[Excerpts from a dataset]
(* Let $\mathbb{X}$ be a reflexive Banach space and $\mathbb{Y}$ any Banach space. Let $T\in\mathbb{L}(\mathbb{X},\mathbb{Y})$ with $\|T\|=1$, suppose $\mathbb{K}(\mathbb{X},\mathbb{Y})$ is an $M$-ideal of $\mathbb{L}(\mathbb{X},\mathbb{Y})$ and $\operatorname{dist}(T,\mathbb{K}(\mathbb{X},\mathbb{Y}))<1$. Suppose $\{x_1,\dots,x_r\}$ is a maximal linearly independent subset of $M_T\cap\operatorname{Ext}(B_{\mathbb{X}})$ and that $Tx_i$ is $m_i$-smooth for $1\le i\le r$. Then $\dim\operatorname{span}J(T)\ge\sum_{i=1}^r m_i$.
   Context: $\mathbb{L}(\mathbb{X},\mathbb{Y})$ (resp. $\mathbb{K}(\mathbb{X},\mathbb{Y})$): bounded (resp. compact) linear operators with operator norm. $M$-ideal: a closed subspace $\mathbb{V}$ of $\mathbb{Z}$ with $\mathbb{Z}^*=\mathbb{V}^*\oplus_1\mathbb{V}^\perp$ (unique decomposition $z^*=z_1^*+z_2^*$, $z_2^*\in\mathbb{V}^\perp$, $\|z^*\|=\|z_1^*\|+\|z_2^*\|$). $B_{\mathbb{X}}$ is the closed unit ball, $\operatorname{Ext}(C)$ the extreme points of a convex set $C$, $M_T=\{x:\|x\|=1,\|Tx\|=\|T\|\}$. For a unit vector $z$ of a Banach space $\mathbb{Z}$, $J(z)=\{f\in\mathbb{Z}^*:\|f\|=1,f(z)=1\}$, and $z$ is $k$-smooth if $\dim\operatorname{span}J(z)=k$ (this applies also to $T$ as a unit vector of $\mathbb{L}(\mathbb{X},\mathbb{Y})$). *)

From HB Require Import structures.
From mathcomp Require Import all_boot all_order all_algebra.
From mathcomp Require Import all_classical all_reals all_analysis.
Set Implicit Arguments. Unset Strict Implicit. Unset Printing Implicit Defensive.
Import Order.TTheory GRing.Theory Num.Theory.
Import numFieldNormedType.Exports.
Local Open Scope classical_set_scope.
Local Open Scope ring_scope.

Section LinAlg.
Context {R : realType} {W : lmodType R}.

Definition bs_lin_indep (n : nat) (x : 'I_n -> W) : Prop :=
  forall c : 'I_n -> R, \sum_(i < n) c i *: x i = 0 -> forall i, c i = 0.

Definition bs_span (S : set W) : set W :=
  [set w | exists n (c : 'I_n -> R) (x : 'I_n -> W),
      (forall i, S (x i)) /\ w = \sum_(i < n) c i *: x i].

Definition bs_dim_span_ge (S : set W) (k : nat) : Prop :=
  exists x : 'I_k -> W, (forall i, bs_span S (x i)) /\ bs_lin_indep x.

Definition bs_dim_span_eq (S : set W) (k : nat) : Prop :=
  bs_dim_span_ge S k /\ ~ bs_dim_span_ge S k.+1.

Definition bs_ext (C : set W) : set W :=
  [set z | C z /\ forall a b (t : R), C a -> C b -> 0 < t < 1 ->
                  z = t *: a + (1 - t) *: b -> a = b].
Lemma common_orth_transport (g g' h : ogeod) (a b : R) :
  geod_ok g -> geod_ok g' -> geod_ok h -> meets_orth h g a -> meets_orth h g' b ->
  exists c s, 1 <= c /\ c * c - s * s = 1 /\
    gpt g' b = vadd (vscale c (gpt g a)) (vscale s (left_normal g)) /\
    mink (gtan g' b) (gpt g a) = 0 /\ mink (gtan g' b) (left_normal g) = 0.
Proof.
  intros Hg Hg' Hh Hha [s' [Hpt' Horth']].
  destruct (meets_orth_along_normal g h a Hg Hh Hha) as (s & e & He & Hpt & Htan).
  set (d := s' - s).
  assert (Hs' : s' = s + d) by (unfold d; ring).
  assert (HP' : gpt g' b = vadd (vscale (cosh d) (gpt g a)) (vscale (sinh d * e) (left_normal g))).
  { rewrite <- Hpt', Hs', gpt_shift, Hpt, Htan; v3_ring. }
  assert (HE' : gtan h s' = vadd (vscale (sinh d) (gpt g a)) (vscale (cosh d * e) (left_normal g))).
  { rewrite Hs', gtan_shift, Hpt, Htan; v3_ring. }
  assert (Hcs : cosh d * cosh d - (sinh d * e) * (sinh d * e) = 1).
  { replace ((sinh d * e) * (sinh d * e)) with (sinh d * sinh d * (e * e)) by ring.
    rewrite He, Rmult_1_r; apply cosh_sq_sub_sinh_sq. }
  destruct (geod_frame g' b Hg') as (_ & _ & Hp'v').
  rewrite HP', mink_vaddl, !mink_vscalel, !(mink_sym _ (gtan g' b)) in Hp'v'.
  rewrite HE', mink_vaddl, !mink_vscalel, !(mink_sym _ (gtan g' b)) in Horth'.
  destruct (hyperbolic_system_trivial (cosh d) (sinh d * e)
              (mink (gtan g' b) (gpt g a)) (mink (gtan g' b) (left_normal g)))
    as [Hv'p Hv'n]; [exact Hcs | lra | |].
  { transitivity (e * (sinh d * mink (gtan g' b) (gpt g a)
                       + cosh d * e * mink (gtan g' b) (left_normal g))).
    - replace (cosh d * mink (gtan g' b) (left_normal g))
        with (cosh d * (e * e) * mink (gtan g' b) (left_normal g)) by (rewrite He; ring).
      ring.
    - rewrite Horth'; ring. }
  exists (cosh d), (sinh d * e); repeat split; auto using cosh_ge_1.
Qed.

Lemma common_orth_oriented (g g' h : ogeod) (a b : R) :
  geod_ok g -> geod_ok g' -> geod_ok h -> meets_orth h g a -> meets_orth h g' b ->
  left_of g (gpt g' b) -> right_of g' (gpt g a) ->
  exists c s, 1 <= c /\ c * c - s * s = 1 /\ 0 < s /\
    gpt g' b = vadd (vscale c (gpt g a)) (vscale s (left_normal g)) /\
    gtan g' b = gtan g a /\
    left_normal g' = vadd (vscale c (left_normal g)) (vscale s (gpt g a)).
Proof.
  intros Hg Hg' Hh Hha Hhb [_ Hleft] [_ Hright].
  destruct (common_orth_transport g g' h a b Hg Hg' Hh Hha Hhb)
    as (c & s & Hc & Hcs & HP' & Hv'p & Hv'n).
  destruct (geod_frame g a Hg) as (Hpp & Hvv & Hpv).
  destruct (geod_frame g' b Hg') as (_ & Hv'v' & _).
  rewrite <- (left_normal_at g' b) in Hright |- *.
  rewrite <- (left_normal_at g a) in *.
  set (P := gpt g a) in *; set (V := gtan g a) in *; set (V' := gtan g' b) in *.
  assert (Hnn : mink (lcross P V) (lcross P V) = 1) by (apply frame_normal_unit; assumption).
  assert (Hpn : mink P (lcross P V) = 0) by (rewrite mink_sym; apply mink_lcross_l).
  assert (Hs : 0 < s).
  { rewrite HP', mink_vaddl, !mink_vscalel, Hpn, Hnn in Hleft; lra. }
  assert (HV' : V' = vscale (mink V' V) V) by (apply (frame_perp_tangent P V); assumption).
  set (beta := mink V' V) in HV'.
  assert (Hbeta2 : beta * beta = 1).
  { rewrite HV', mink_vscalel, mink_sym, mink_vscalel, Hvv in Hv'v'; lra. }
  assert (HN' : lcross (gpt g' b) V' =
                vscale beta (vadd (vscale c (lcross P V)) (vscale s P))).
  { rewrite HP', HV', lcross_combl, lcross_normal_tangent by assumption; v3_ring. }
  assert (Hbeta : beta = 1).
  { rewrite HN', mink_sym, mink_vscalel, mink_vaddl, !mink_vscalel in Hright.
    rewrite mink_sym, Hpn, Hpp in Hright; nra. }
  rewrite Hbeta, vscale_1 in HV', HN'.
  exists c, s; repeat split; assumption.
Qed.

(WHAT THE TASK ASKS): In the entries above, find the line with "From HB Require Import structures." and the line with "destruct (meets_orth_along_normal g", then restate word for word both of them and every line between, with nothing more.

(OUTPUT):
From HB Require Import structures.
From mathcomp Require Import all_boot all_order all_algebra.
From mathcomp Require Import all_classical all_reals all_analysis.
Set Implicit Arguments. Unset Strict Implicit. Unset Printing Implicit Defensive.
Import Order.TTheory GRing.Theory Num.Theory.
Import numFieldNormedType.Exports.
Local Open Scope classical_set_scope.
Local Open Scope ring_scope.

Section LinAlg.
Context {R : realType} {W : lmodType R}.

Definition bs_lin_indep (n : nat) (x : 'I_n -> W) : Prop :=
  forall c : 'I_n -> R, \sum_(i < n) c i *: x i = 0 -> forall i, c i = 0.

Definition bs_span (S : set W) : set W :=
  [set w | exists n (c : 'I_n -> R) (x : 'I_n -> W),
      (forall i, S (x i)) /\ w = \sum_(i < n) c i *: x i].

Definition bs_dim_span_ge (S : set W) (k : nat) : Prop :=
  exists x : 'I_k -> W, (forall i, bs_span S (x i)) /\ bs_lin_indep x.

Definition bs_dim_span_eq (S : set W) (k : nat) : Prop :=
  bs_dim_span_ge S k /\ ~ bs_dim_span_ge S k.+1.

Definition bs_ext (C : set W) : set W :=
  [set z | C z /\ forall a b (t : R), C a -> C b -> 0 < t < 1 ->
                  z = t *: a + (1 - t) *: b -> a = b].
Lemma common_orth_transport (g g' h : ogeod) (a b : R) :
  geod_ok g -> geod_ok g' -> geod_ok h -> meets_orth h g a -> meets_orth h g' b ->
  exists c s, 1 <= c /\ c * c - s * s = 1 /\
    gpt g' b = vadd (vscale c (gpt g a)) (vscale s (left_normal g)) /\
    mink (gtan g' b) (gpt g a) = 0 /\ mink (gtan g' b) (left_normal g) = 0.
Proof.
  intros Hg Hg' Hh Hha [s' [Hpt' Horth']].
  destruct (meets_orth_along_normal g h a Hg Hh Hha) as (s & e & He & Hpt & Htan).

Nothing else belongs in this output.